17. Behavioral Analytics for bots
Enterprises deploying bots generate a lot of valuable information such as user data, usage data, performance data, or other metadata, but when it comes to deciphering the information and deriving meaningful insights from those, most of them fall flat.
They can only cross-sell or upsell when they understand the user journey. Conversational Analytics, a trend that’s fast catching up, provides a visual representation of the dialogs bots have with users. These conversation flows map popular user paths, tasks, and exit points within a visual context, helping to identify patterns, trends, and correlations that might go unnoticed using text-based data analysis methods. Google chat base and Kore’s Conversational Analytics are a few platforms that provide an insightful inference to the user’s journey using the chatbot. In 2020, enterprises that adopt chatbot technology would be keen on using these analytics to understand the user better and strategize accordingly.
18. AI Governance
AI governance is the idea whose time has come. Its a legal framework for ensuring machine learning (ML) technologies are well researched and developed with the end goal of helping enterprises leverage AI systems fairly. Dealing with issues surrounding the right to be informed and violations that may occur, AI governance aims to close the gap that exists between accountability and ethics in matters concerning technological advancements. The issue is wide resonance across industries everywhere, including healthcare, transportation, economics, business, education, and public safety.
19. Analysts Predictions
According to the latest research by Gartner, by 2020, at least 80% of new enterprise applications will make strong use of chatbots. The same research indicates that, by 2021, “conversational artificial intelligence-first” will be adopted by the majority of enterprise IT organizations as the most important new platform paradigm. Gartner also predicts that Artificial Intelligence (AI) will be a mainstream customer experience investment in the next couple of years. 47% of organizations will use chatbots for customer care and 40% will deploy virtual assistants.

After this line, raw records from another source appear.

(* For every integer $n\ge3$, the coefficient of the monomial $T_2T_n^2$ in $R_{n+1}$ is $c^{(n+1)}_{n,n,2}=-n(n+1)$.
   Context: Let $T_1,T_2,\dots$ be indeterminates, $T_\alpha=T_{\alpha_1}\cdots T_{\alpha_d}$. Define linear operators $L,H$ on monomials (constants sent to $0$): $L(T_{\alpha_1}\cdots T_{\alpha_r})=\sum_{1\le i<j\le r}T_{\alpha_1}\cdots T_{\alpha_i+1}\cdots T_{\alpha_j+1}\cdots T_{\alpha_r}$, $H(T_{\alpha_1}\cdots T_{\alpha_r})=-\frac12\sum_{k=1}^{r}\sum_{l=1}^{\alpha_k-1}\binom{\alpha_k}{l}T_{1+l}T_{1+\alpha_k-l}\prod_{i\ne k}T_{\alpha_i}$. For $n\ge2$ let $A_n=-\sum_{k=1}^{n-1}\binom{n}{k}T_{1+k}T_{1+n-k}T_n$; set $R_2=0$, $R_{n+1}=A_n+L(R_n)+H(R_n)$. $c^{(n)}_\alpha$ is the coefficient of the monomial $T_\alpha$ in $R_n$. *)

(* Polynomials in the indeterminates T_1, T_2, ... with
   rational coefficients are represented as formal finite sums: a list of
   (coefficient, monomial) pairs, a monomial T_{a_1}...T_{a_r} being the
   sequence [:: a_1; ...; a_r]. Two monomials are equal iff their index
   sequences are permutations of each other; the coefficient of T_alpha in P
   is the sum of the coefficients of all terms whose monomial equals T_alpha. *)
From mathcomp Require Import all_boot all_order all_algebra.
Set Implicit Arguments. Unset Strict Implicit. Unset Printing Implicit Defensive.
Import Order.TTheory GRing.Theory Num.Theory.
Local Open Scope ring_scope.

Definition mono := seq nat.
Definition fpoly := seq (rat * mono).

Definition coef (P : fpoly) (alpha : mono) : rat :=
  \sum_(t <- P | perm_eq t.2 alpha) t.1.

Definition linext (f : mono -> fpoly) (P : fpoly) : fpoly :=
  flatten [seq [seq (t.1 * u.1, u.2) | u <- f t.2] | t <- P].

Definition incr_at (m : mono) (i : nat) : mono := set_nth 0%N m i (nth 0%N m i).+1.

(* L on a monomial: sum over 1 <= i < j <= r (0-based i < j < r) *)
Definition L_mono (m : mono) : fpoly :=
  flatten [seq [seq (1, incr_at (incr_at m i) j) | j <- iota i.+1 (size m - i.+1)]
          | i <- iota 0 (size m)].

Definition H_mono (m : mono) : fpoly :=
  flatten [seq [seq (- (1/2) * ('C(nth 0%N m k, l))%:R,
                     (1 + l)%N :: (1 + nth 0%N m k - l)%N :: (take k m ++ drop k.+1 m))
               | l <- iota 1 (nth 0%N m k).-1]
          | k <- iota 0 (size m)].

Definition Lop := linext L_mono.
Definition Hop := linext H_mono.

Definition A (n : nat) : fpoly :=
  [seq (- ('C(n, k))%:R, [:: (1 + k)%N; (1 + n - k)%N; n]) | k <- iota 1 n.-1].

(* R_2 = 0, R_{n+1} = A_n + L(R_n) + H(R_n); R_0, R_1 are unused (set to 0) *)
Fixpoint R (n : nat) : fpoly :=
  match n with
  | m.+1 => if (2 <= m)%N then A m ++ Lop (R m) ++ Hop (R m) else [::]
  | 0 => [::]
  end.

(* Write c_n for the coefficient of T_2 T_n^2 in R_(n+1).  All monomials of
   R_k have degree at least 3 and indices at least 2, so H (which raises the
   degree) cannot reach a cubic monomial, and L, which raises two of the three
   indices of a cubic monomial by one, can only produce T_2 T_(n+1)^2 from
   T_2 T_n^2, with multiplicity one as soon as n >= 3.  Adding the two terms
   k = 1 and k = n of A_(n+1) gives c_(n+1) = c_n - 2(n+1), and c_3 = -12. *)
From mathcomp Require Import all_boot all_order all_algebra zify.
Set Implicit Arguments. Unset Strict Implicit. Unset Printing Implicit Defensive.
Import Order.TTheory GRing.Theory Num.Theory.
Local Open Scope ring_scope.

Lemma coef_cat P Q a : coef (P ++ Q) a = coef P a + coef Q a.
Proof. by rewrite /coef big_cat. Qed.

Lemma coefE P a : coef P a = \sum_(t <- P) t.1 * (perm_eq t.2 a)%:R.
Proof.
by rewrite /coef big_mkcond; apply: eq_bigr => t _; case: perm_eq; rewrite ?mulr1 ?mulr0.
Qed.

Lemma coef_linext f P a :
  coef (linext f P) a = \sum_(t <- P) t.1 * coef (f t.2) a.
Proof.
rewrite /coef /linext big_flatten /= big_map; apply: eq_bigr => t _.
by rewrite big_map mulr_sumr.
Qed.

Lemma coef_eq0_size P a : {in P, forall t, size t.2 != size a} -> coef P a = 0.
Proof.
move=> Psize; rewrite /coef big1_seq // => t /andP[ta tP].
by have := Psize t tP; rewrite (perm_size ta) eqxx.
Qed.

Lemma mem_linext f P t : t \in linext f P ->
  exists2 s, s \in P & exists2 u, u \in f s.2 & t.2 = u.2.
Proof. by case/flattenP=> _ /mapP[s sP ->] /mapP[u uf ->]; exists s => //; exists u. Qed.

Lemma size_incr_at m i : (i < size m)%N -> size (incr_at m i) = size m.
Proof. by move=> lt_i; rewrite /incr_at size_set_nth; lia. Qed.

Lemma all_leq_incr_at k m i :
  (i < size m)%N -> all (leq k) m -> all (leq k) (incr_at m i).
Proof.
move=> lt_i /(all_nthP 0%N) mk; apply/(all_nthP 0%N) => j.
rewrite size_incr_at // nth_set_nth /= => lt_j.
by case: eqP => _; [apply: leqW; apply: mk | apply: mk].
Qed.

Lemma mem_L_mono m u : u \in L_mono m ->
  exists i j, [/\ (i < j < size m)%N & u.2 = incr_at (incr_at m i) j].
Proof.
case/flattenP=> _ /mapP[i _ ->] /mapP[j]; rewrite mem_iota => /andP[ij jm] ->.
by exists i, j; split=> //; apply/andP; split; lia.
Qed.

Lemma L_mono_size m u : u \in L_mono m -> size u.2 = size m.
Proof.
case/mem_L_mono=> i [j [/andP[ij jm] ->]].
by rewrite !size_incr_at //; lia.
Qed.

Lemma L_mono_all_leq k m u : all (leq k) m -> u \in L_mono m -> all (leq k) u.2.
Proof.
move=> mk /mem_L_mono[i [j [/andP[ij jm] ->]]]; have im : (i < size m)%N by lia.
by apply: all_leq_incr_at; [rewrite size_incr_at | apply: all_leq_incr_at].
Qed.

Lemma mem_H_mono m u : u \in H_mono m -> exists k l,
  [/\ (k < size m)%N, (1 <= l < nth 0%N m k)%N &
      u.2 = (1 + l)%N :: (1 + nth 0%N m k - l)%N :: (take k m ++ drop k.+1 m)].
Proof.
case/flattenP=> _ /mapP[k km ->] /mapP[l lm ->].
move: km lm; rewrite !mem_iota => km lm; exists k, l; split=> //; lia.
Qed.

Lemma H_mono_size m u : u \in H_mono m -> size u.2 = (size m).+1.
Proof.
by case/mem_H_mono=> k [l [km _ ->]]; rewrite /= size_cat size_take size_drop km; lia.
Qed.

Lemma H_mono_all_leq2 m u : all (leq 2) m -> u \in H_mono m -> all (leq 2) u.2.
Proof.
move=> m2 /mem_H_mono[k [l [km lm ->]]] /=.
rewrite all_cat; apply/and4P; split; [lia | lia | |].
- by apply/allP=> x /mem_take /(allP m2).
- by apply/allP=> x /mem_drop /(allP m2).
Qed.

Definition admissible (m : mono) := (3 <= size m)%N && all (leq 2) m.

Lemma R_succ n : (2 <= n)%N -> R n.+1 = A n ++ Lop (R n) ++ Hop (R n).
Proof. by move=> n_ge2; rewrite /= n_ge2. Qed.

Lemma R_admissible k t : t \in R k -> admissible t.2.
Proof.
elim: k t => [|k IHk] t //; rewrite /=; case: ifP => // _.
rewrite !mem_cat => /or3P[tA | tL | tH].
- by case/mapP: tA => i; rewrite mem_iota => i_n ->; rewrite /admissible /=; lia.
- case/mem_linext: tL => s /IHk/andP[s3 s2] [u su ->].
  by rewrite /admissible (L_mono_size su) s3 (L_mono_all_leq s2 su).
- case/mem_linext: tH => s /IHk/andP[s3 s2] [u su ->].
  by rewrite /admissible (H_mono_size su) (H_mono_all_leq2 s2 su) andbT; lia.
Qed.

Lemma perm_eq_nn2 (x y z n : nat) : (3 <= n)%N ->
  perm_eq [:: x; y; z] [:: n; n; 2%N] =
  [|| [&& x == n, y == n & z == 2%N], [&& x == n, y == 2%N & z == n]
    | [&& x == 2%N, y == n & z == n]].
Proof.
move=> n_ge3; have n_neq2 : (n == 2%N) = false by lia.
have two_neq_n : (2 == n)%N = false by lia.
apply/idP/idP; last first.
  by case/or3P=> /and3P[/eqP-> /eqP-> /eqP->]; rewrite /perm_eq /= eqxx ?n_neq2 ?two_neq_n.
move=> xyz_nn2; have cnt w := permP xyz_nn2 (pred1 w).
have /= := cnt n; have /= := cnt 2%N; rewrite eqxx n_neq2 two_neq_n.
by do ! case: eqP => //= ?; subst.
Qed.

Lemma coef_L_mono_nn2 m n : (3 <= n)%N -> all (leq 2) m ->
  coef (L_mono m) [:: n.+1; n.+1; 2%N] = (perm_eq m [:: n; n; 2%N])%:R.
Proof.
move=> n_ge3 m2; have [m3|m_neq3] := eqVneq (size m) 3%N; last first.
  rewrite coef_eq0_size => [|u /L_mono_size ->//].
  by have /negbTE -> : ~~ perm_eq m [:: n; n; 2%N] by apply: contra m_neq3 => /perm_size ->.
case: m m2 m3 => [|a [|b [|c []]]] //= /and4P[a2 b2 c2 _] _.
rewrite coefE /L_mono /incr_at /= !big_cons big_nil !mul1r addr0 -!natrD.
have n1_ge3 : (3 <= n.+1)%N by lia.
rewrite !perm_eq_nn2 //; apply: congr1; rewrite !eqSS.
have [a_neq1 b_neq1 c_neq1] : [/\ a != 1, b != 1 & c != 1]%N by split; lia.
rewrite (negbTE a_neq1) (negbTE b_neq1) (negbTE c_neq1) /= !andbF /=.
by do ! case: eqP => //= ?; subst; try lia.
Qed.

Lemma coef_Lop_nn2 P n : (3 <= n)%N -> {in P, forall t, all (leq 2) t.2} ->
  coef (Lop P) [:: n.+1; n.+1; 2%N] = coef P [:: n; n; 2%N].
Proof.
move=> n_ge3 P2; rewrite coef_linext coefE; apply: eq_big_seq => t tP.
by rewrite coef_L_mono_nn2 // P2.
Qed.

Lemma coef_Hop_eq0 P a : {in P, forall t, size a <= size t.2}%N ->
  coef (Hop P) a = 0.
Proof.
move=> Psize; rewrite coef_linext big1_seq // => t /andP[_ tP].
rewrite coef_eq0_size ?mulr0 // => u /H_mono_size ->.
by rewrite eq_sym neq_ltn ltnS Psize.
Qed.

Lemma coef_A_nn2 n : (3 <= n)%N -> coef (A n) [:: n; n; 2%N] = - (2 * n)%:R.
Proof.
rewrite coefE /A big_map -subn1 -/(index_iota 1 n).
case: n => [|[|[|k]]] // _.
rewrite big_ltn // big_nat_recr //= big_nat big1 => [|j].
  have -> : (1 + k.+3 - k.+2 = 2)%N by lia.
  rewrite !perm_eq_nn2 // !eqxx /= bin1 binSn mulr1 add0r.
  by rewrite -opprD -natrD mul2n addnn.
move=> j_mid; rewrite (_ : perm_eq _ _ = false) ?mulr0 //.
by rewrite perm_eq_nn2 //; lia.
Qed.

Lemma coef_R_nn2_succ n : (3 <= n)%N ->
  coef (R n.+2) [:: n.+1; n.+1; 2%N] =
  coef (R n.+1) [:: n; n; 2%N] - (2 * n.+1)%:R.
Proof.
move=> n_ge3; rewrite R_succ //; last by lia.
rewrite !coef_cat coef_A_nn2 //; last by lia.
rewrite coef_Lop_nn2 // => [|t /R_admissible/andP[] //].
rewrite coef_Hop_eq0 => [|t /R_admissible/andP[] //].
by rewrite addr0 addrC.
Qed.

Lemma coef_R4_332 : coef (R 4) [:: 3%N; 3%N; 2%N] = - 12%:R.
Proof. by apply/eqP; rewrite /coef unlock; vm_compute. Qed.

Theorem mainTheorem13 (n : nat) : (3 <= n)%N ->
  coef (R n.+1) [:: n; n; 2%N] = - ((n * (n + 1))%N)%:R.
Proof.
elim: n => [|n IHn] // n_ge2; have [->|n_ge3] : n = 2%N \/ (3 <= n)%N by lia.
  exact: coef_R4_332.
rewrite coef_R_nn2_succ // IHn // -opprD -natrD.
by congr (- _%:R); lia.
Qed.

Not only Gartner, leading analysts such as Forrester, IDC, HFS Research, Evalueserve, Nielsen and others acknowledged growing trends of Conversational AI in 2020 and buy into the increasing adoption of Conversational AI in the coming years.
20. Rapid Industry Adoption
Conversational AI bots are being widely adopted in every industry. Banks have enabled their customers to interact with chatbots to clarify queries related to account balance, bank statements, transfer funds, create a deposit, saving and investment advice, and so on. For example, Bank of America introduced Erica, a chatbot for its customers to perform similar functions for them. The hospitality sector is also working towards providing a better guest experience with concierge bots available 24/7. The Airline industry is deploying AI-powered bots to send announcements for ticketing, facilitate web check-ins, personalized search and purchases, provide flight options, and make other travel arrangements. Other industries such as manufacturing, Insurance, Telecom, Media & Entertainment are also catching up with the implementation of Conversational AI.
The Way Forward
The conversational AI technology has been widely embraced in 2019 and is set to proliferate in 2020. Some experts say that the full potential of AI-powered chatbots is still on the way while others believe that enterprises can benefit from this technology even in its early days. Do AI trends fascinate you?